> [WHAT IS NEEDED]: Repeat verbatim, and only, the lines of the data below, beginning at the line that contains "From mathcomp Require Import complex ring" and stopping after the line that contains "Lemma sum_kronecker_r (K".

> [PROVIDED ENTRIES]:
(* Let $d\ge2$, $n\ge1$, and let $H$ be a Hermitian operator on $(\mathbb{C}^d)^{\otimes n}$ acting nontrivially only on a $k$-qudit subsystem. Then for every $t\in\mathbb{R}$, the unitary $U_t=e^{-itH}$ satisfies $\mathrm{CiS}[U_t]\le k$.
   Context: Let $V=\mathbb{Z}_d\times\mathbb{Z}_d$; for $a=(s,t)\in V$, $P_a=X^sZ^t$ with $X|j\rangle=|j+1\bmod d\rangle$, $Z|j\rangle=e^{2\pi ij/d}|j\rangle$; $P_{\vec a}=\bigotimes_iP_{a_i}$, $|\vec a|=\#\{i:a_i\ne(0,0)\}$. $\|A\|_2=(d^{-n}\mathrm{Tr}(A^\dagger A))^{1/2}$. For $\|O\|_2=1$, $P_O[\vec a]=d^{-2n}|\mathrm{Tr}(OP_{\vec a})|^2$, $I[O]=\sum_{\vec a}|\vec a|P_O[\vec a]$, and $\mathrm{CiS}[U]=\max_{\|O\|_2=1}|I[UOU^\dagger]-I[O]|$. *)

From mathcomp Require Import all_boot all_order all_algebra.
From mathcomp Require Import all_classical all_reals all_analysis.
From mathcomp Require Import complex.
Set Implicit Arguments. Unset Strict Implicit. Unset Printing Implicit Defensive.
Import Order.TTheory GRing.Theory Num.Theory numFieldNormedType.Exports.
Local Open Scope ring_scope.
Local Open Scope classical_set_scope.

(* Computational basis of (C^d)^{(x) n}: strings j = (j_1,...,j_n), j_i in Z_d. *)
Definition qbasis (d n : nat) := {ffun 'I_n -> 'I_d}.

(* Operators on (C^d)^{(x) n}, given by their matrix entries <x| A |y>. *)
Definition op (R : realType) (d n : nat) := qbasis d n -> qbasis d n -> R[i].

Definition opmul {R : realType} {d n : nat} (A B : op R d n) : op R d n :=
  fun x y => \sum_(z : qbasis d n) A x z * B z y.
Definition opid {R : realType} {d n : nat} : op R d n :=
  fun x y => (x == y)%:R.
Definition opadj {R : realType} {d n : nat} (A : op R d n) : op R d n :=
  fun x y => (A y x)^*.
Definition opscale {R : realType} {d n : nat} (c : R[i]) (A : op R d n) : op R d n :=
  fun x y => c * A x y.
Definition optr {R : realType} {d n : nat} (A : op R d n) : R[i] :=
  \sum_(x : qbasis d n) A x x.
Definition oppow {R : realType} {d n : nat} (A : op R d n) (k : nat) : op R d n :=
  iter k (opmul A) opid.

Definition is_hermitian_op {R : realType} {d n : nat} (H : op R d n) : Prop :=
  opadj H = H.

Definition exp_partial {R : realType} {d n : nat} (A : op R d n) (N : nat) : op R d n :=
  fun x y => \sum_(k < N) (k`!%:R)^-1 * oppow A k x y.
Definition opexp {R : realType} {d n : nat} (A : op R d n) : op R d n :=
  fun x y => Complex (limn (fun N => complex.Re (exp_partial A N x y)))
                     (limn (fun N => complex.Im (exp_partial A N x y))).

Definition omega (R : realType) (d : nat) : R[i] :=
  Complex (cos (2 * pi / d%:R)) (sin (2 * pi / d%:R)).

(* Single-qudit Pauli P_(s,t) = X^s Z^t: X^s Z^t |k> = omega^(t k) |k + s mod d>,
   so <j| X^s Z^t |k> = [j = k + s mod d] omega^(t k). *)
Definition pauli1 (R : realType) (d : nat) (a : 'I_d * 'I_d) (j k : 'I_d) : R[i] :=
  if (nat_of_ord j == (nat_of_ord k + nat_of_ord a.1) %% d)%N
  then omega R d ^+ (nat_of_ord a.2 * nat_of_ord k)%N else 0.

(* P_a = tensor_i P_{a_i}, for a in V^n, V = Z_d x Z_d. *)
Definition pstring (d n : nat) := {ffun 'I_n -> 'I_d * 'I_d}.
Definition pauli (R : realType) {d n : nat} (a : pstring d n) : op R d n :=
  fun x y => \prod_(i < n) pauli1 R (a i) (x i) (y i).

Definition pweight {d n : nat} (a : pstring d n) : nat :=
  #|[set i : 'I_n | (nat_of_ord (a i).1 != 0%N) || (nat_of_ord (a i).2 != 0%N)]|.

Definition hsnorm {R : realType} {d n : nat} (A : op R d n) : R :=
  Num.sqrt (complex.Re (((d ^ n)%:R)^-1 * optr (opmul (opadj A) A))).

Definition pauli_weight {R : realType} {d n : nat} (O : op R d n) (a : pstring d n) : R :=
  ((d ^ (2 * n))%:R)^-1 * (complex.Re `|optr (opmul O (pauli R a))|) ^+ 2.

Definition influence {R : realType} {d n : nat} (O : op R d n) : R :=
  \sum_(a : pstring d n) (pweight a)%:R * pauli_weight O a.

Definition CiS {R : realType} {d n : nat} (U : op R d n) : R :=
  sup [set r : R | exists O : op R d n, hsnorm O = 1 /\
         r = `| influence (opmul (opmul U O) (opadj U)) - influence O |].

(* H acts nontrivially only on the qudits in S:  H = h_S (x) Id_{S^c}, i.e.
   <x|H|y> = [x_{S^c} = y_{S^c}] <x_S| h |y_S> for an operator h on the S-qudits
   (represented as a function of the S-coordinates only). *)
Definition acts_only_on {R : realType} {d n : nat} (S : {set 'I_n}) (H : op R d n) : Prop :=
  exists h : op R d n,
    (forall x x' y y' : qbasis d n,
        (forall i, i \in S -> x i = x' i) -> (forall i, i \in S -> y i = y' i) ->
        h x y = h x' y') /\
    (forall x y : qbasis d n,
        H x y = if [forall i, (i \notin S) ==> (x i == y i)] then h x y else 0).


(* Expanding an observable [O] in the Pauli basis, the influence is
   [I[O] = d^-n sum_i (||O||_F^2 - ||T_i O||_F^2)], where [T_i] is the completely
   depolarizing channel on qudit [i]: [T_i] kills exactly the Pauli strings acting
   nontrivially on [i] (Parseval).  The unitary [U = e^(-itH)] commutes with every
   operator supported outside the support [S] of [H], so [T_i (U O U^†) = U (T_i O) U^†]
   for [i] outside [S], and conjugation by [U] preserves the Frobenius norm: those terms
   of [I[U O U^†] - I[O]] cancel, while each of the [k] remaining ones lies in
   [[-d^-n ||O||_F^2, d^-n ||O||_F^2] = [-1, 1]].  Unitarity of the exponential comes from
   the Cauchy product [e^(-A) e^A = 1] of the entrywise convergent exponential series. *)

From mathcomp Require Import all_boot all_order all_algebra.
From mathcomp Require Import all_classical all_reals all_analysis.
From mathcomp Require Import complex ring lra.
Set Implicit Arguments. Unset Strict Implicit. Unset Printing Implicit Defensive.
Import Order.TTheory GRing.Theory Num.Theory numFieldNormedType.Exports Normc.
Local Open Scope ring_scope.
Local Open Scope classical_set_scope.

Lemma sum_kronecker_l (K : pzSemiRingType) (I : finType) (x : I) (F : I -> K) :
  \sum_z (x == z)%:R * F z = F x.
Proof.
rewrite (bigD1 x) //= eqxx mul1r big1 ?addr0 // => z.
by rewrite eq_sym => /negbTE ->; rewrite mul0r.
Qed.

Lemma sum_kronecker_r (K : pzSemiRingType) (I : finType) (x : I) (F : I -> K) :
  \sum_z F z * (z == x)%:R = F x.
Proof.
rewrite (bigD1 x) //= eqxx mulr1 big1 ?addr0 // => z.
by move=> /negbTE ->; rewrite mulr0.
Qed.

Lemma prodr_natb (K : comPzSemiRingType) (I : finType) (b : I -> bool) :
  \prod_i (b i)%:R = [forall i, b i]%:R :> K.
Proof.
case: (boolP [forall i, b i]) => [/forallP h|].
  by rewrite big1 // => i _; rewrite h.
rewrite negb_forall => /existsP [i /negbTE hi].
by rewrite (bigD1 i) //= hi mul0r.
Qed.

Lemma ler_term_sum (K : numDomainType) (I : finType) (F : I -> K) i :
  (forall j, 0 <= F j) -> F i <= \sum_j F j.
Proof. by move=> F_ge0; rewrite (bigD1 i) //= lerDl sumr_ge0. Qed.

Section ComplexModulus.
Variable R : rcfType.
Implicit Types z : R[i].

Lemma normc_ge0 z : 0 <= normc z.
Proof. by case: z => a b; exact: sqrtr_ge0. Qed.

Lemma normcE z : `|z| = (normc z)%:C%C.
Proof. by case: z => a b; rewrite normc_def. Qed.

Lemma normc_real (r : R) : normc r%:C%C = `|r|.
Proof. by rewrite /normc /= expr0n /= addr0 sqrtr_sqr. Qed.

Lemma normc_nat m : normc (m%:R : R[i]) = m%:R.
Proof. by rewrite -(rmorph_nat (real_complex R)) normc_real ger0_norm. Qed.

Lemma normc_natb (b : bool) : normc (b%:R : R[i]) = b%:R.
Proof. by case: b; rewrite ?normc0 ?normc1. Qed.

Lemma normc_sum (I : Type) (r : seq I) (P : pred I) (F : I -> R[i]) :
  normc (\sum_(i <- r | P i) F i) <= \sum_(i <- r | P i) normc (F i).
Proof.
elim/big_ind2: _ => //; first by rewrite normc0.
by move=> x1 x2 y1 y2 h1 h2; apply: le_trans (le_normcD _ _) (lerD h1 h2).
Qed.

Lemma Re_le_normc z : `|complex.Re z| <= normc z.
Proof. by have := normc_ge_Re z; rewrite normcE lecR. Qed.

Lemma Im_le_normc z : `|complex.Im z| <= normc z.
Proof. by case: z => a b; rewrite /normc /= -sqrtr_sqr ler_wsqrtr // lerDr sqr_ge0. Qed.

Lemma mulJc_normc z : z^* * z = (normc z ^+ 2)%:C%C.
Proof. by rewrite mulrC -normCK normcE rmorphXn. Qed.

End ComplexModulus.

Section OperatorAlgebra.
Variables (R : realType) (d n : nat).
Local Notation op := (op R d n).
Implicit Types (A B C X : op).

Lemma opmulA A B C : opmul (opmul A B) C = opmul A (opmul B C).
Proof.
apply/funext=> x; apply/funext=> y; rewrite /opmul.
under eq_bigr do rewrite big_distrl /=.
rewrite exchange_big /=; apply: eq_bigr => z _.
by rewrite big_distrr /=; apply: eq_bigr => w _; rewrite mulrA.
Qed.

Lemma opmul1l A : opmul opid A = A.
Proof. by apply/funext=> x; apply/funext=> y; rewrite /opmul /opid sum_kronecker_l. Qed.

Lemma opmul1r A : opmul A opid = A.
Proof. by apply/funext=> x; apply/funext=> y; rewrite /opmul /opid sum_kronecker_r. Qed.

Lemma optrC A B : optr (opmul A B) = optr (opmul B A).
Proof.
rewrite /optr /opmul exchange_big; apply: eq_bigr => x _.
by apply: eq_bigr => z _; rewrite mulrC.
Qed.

> [WRITTEN RESPONSE]:
From mathcomp Require Import complex ring lra.
Set Implicit Arguments. Unset Strict Implicit. Unset Printing Implicit Defensive.
Import Order.TTheory GRing.Theory Num.Theory numFieldNormedType.Exports Normc.
Local Open Scope ring_scope.
Local Open Scope classical_set_scope.

Lemma sum_kronecker_l (K : pzSemiRingType) (I : finType) (x : I) (F : I -> K) :
  \sum_z (x == z)%:R * F z = F x.
Proof.
rewrite (bigD1 x) //= eqxx mul1r big1 ?addr0 // => z.
by rewrite eq_sym => /negbTE ->; rewrite mul0r.
Qed.

Lemma sum_kronecker_r (K : pzSemiRingType) (I : finType) (x : I) (F : I -> K) :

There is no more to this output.